To convert PAX back into decimal, its
P * 262 + A * 261 + X * 260
or
(15 * 676) + (0 * 26) + 23
= 10140 + 0 + 23
= 10163
Let's take a step back for a second, and look at decimal.
What does a number like "147" mean? Or rather, what do the characters '1', '4' and '7', when arranged like that, indicate?
There are ten digits in decimal, and after that, we add another digit to the left of the first, and so on as our number increases. So after "9" = 9*1, we get "10" = 1*10 + 0*1. So "147" is 1*10^2 + 4*10 + 7*1 = 147. Similarly, we can go backwards - 147/10^2 = 1, which maps to the character '1'. (147 % 10^2) / 10 = 4, which maps to the character '4'. And 147 % 10 = 7, which maps to the character '7'.
This works works for any base N - if we get the number 0, that maps to the first character in our set.
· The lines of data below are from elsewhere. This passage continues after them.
(* Singular chords are directed so that the tail is the overcrossing strand of
   the positive resolution; their [csign] field is ignored. *)
Record SGD := SGauss { real_ch : seq chord; sing_ch : seq chord }.

Definition endpoints (D : SGD) : seq nat :=
  flatten [seq [:: ctail c; chead c] | c <- real_ch D ++ sing_ch D].

Definition valid_SGD (D : SGD) : bool := uniq (endpoints D).

(* resolution: b = false -> positive crossing, b = true -> negative crossing
   (crossing change reverses the chord and flips the sign). *)
Definition resolve_chord (c : chord) (b : bool) : chord :=
  if b then Chord (chead c) (ctail c) false else Chord (ctail c) (chead c) true.

Definition dchord := Chord 0 0 true.

Definition resolve (D : SGD) (sigma : {ffun 'I_(size (sing_ch D)) -> bool}) : GD :=
  real_ch D ++ [seq resolve_chord (nth dchord (sing_ch D) i) (sigma i)
               | i : 'I_(size (sing_ch D)) <- enum 'I_(size (sing_ch D))].

Arguments resolve : clear implicits.

Definition alt_sum (f : GD -> FAG) (D : SGD) : FAG :=
  flatten [seq fscale ((-1) ^+ #|[pred i | sigma i]|) (f (resolve D sigma))
          | sigma : {ffun 'I_(size (sing_ch D)) -> bool}].

Definition finite_type_le (f : GD -> FAG) (n : nat) : Prop :=
  forall D : SGD, valid_SGD D -> size (sing_ch D) = n.+1 -> fzero (alt_sum f D).

Definition finite_type_degree (f : GD -> FAG) (n : nat) : Prop :=
  finite_type_le f n /\ forall m : nat, (m < n)%N -> ~ finite_type_le f m.

From mathcomp Require Import all_boot all_order all_algebra.
From mathcomp Require Import zify ring boolp.
Set Implicit Arguments. Unset Strict Implicit. Unset Printing Implicit Defensive.
Import Order.TTheory GRing.Theory Num.Theory.
Local Open Scope ring_scope.

(* Every coefficient of F_K is a sum over the chords c of w(c) ([g_c ~ x] - [0 ~ x]).
   Reversing a chord e (a crossing change) leaves the index of every other chord
   unchanged, negates the index of e, and moves e between the left-to-right and
   right-to-left crossers of every chord, so each g_c keeps its coefficients.
   Hence, for two singular chords, the coefficient of each class in F_(K_sigma) has
   the form C + u(sigma_1) + v(sigma_2), whose second difference vanishes.
   Degree 0 fails for two interleaved chords, one of them singular: in both
   resolutions every chord has nonzero index, so the coefficient of t^[0] is -w(K),
   and the two writhes differ. *)

Local Notation rc := resolve_chord.

Definition fcoef (x : LP) (S : FAG) : int := \sum_(t <- S) t.1 *+ `[< equivLP t.2 x >].

Lemma fmultE x S m : fmult x S m -> m = fcoef x S.
Proof.
elim=> [|a p {}S {}m px _ ->|a p {}S {}m px _ ->]; rewrite /fcoef ?big_nil ?big_cons //=.
  by rewrite asboolT.
by rewrite asboolF // add0r.
Qed.

Lemma fcoefP x S : fmult x S (fcoef x S).
Proof.
elim: S => [|[a p] S IH]; first by rewrite /fcoef big_nil; exact: fm_nil.
rewrite /fcoef big_cons /=; case: asboolP => px; first exact: fm_in.
by rewrite add0r; apply: fm_out.
Qed.

Lemma fzeroP S : fzero S <-> forall x, fcoef x S = 0.
Proof.
split=> [S0 x|S0 x m /fmultE ->]; last exact: S0.
exact: S0 (fcoefP x S).
Qed.

Lemma fcoef_cat x S T : fcoef x (S ++ T) = fcoef x S + fcoef x T.
Proof. exact: big_cat. Qed.

Lemma fcoef_fscale x c S : fcoef x (fscale c S) = c * fcoef x S.
Proof. by rewrite /fcoef big_map mulr_sumr; apply: eq_bigr => t _; rewrite mulrnAr. Qed.

Lemma fcoef_flatten (T : Type) x (F : T -> FAG) s :
  fcoef x (flatten (map F s)) = \sum_(i <- s) fcoef x (F i).
Proof.
elim: s => [|i s IH]; first by rewrite big_nil /fcoef big_nil.
by rewrite big_cons -IH -fcoef_cat.
Qed.

Lemma fcoef_alt_sum f D x :
  fcoef x (alt_sum f D) =
  \sum_(s : {ffun 'I_(size (sing_ch D)) -> bool})
     (-1) ^+ #|[pred i | s i]| * fcoef x (f (resolve D s)).
Proof.
by rewrite fcoef_flatten big_enum; apply: eq_bigr => s _; rewrite fcoef_fscale.
Qed.

Definition ffun2 (T : Type) (a b : T) : {ffun 'I_2 -> T} :=
  [ffun i => if i == ord0 then a else b].

Lemma sum_ffun_ord1 (R : nmodType) (T : finType) (F : {ffun 'I_1 -> T} -> R) :
  \sum_s F s = \sum_(a : T) F [ffun=> a].
Proof.
rewrite (reindex (fun a : T => [ffun=> a])) //.
exists (fun s : {ffun 'I_1 -> T} => s ord0) => [a _|s _]; first by rewrite ffunE.
by apply/ffunP => i; rewrite ffunE (ord1 i).
Qed.

Lemma sum_ffun_ord2 (R : nmodType) (T : finType) (F : {ffun 'I_2 -> T} -> R) :
  \sum_s F s = \sum_(a : T) \sum_(b : T) F (ffun2 a b).
Proof.
rewrite pair_big /= (reindex (fun p : T * T => ffun2 p.1 p.2)) //.
exists (fun s : {ffun 'I_2 -> T} => (s ord0, s ord_max)) => [[a b] _|s _].
  by rewrite !ffunE.
apply/ffunP => i; rewrite ffunE; case: ifP => [/eqP -> //|i0].
by congr (s _); apply: val_inj; case: i i0 => [[|[|n]] //= _].
Qed.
The number 1 maps to the second character, and so on until the number N-1 maps to the last character in our set of digits.
You convert 20 and 13 to the symbols that represent 20 and 13 in your base 26 notation. It sounds like you are using the letters of the alphabet so, that would be UN (where A is 0 and Z is 25).
What language are you writing this in? If you're doing this in Perl you can use the CPAN module Math::Fleximal that I wrote many years ago while I was bored. If you're using a language with infinite precision integers, then life becomes much easier. All you have to do is take characters, convert them into an array of integers, then do the calculation to turn that into a number.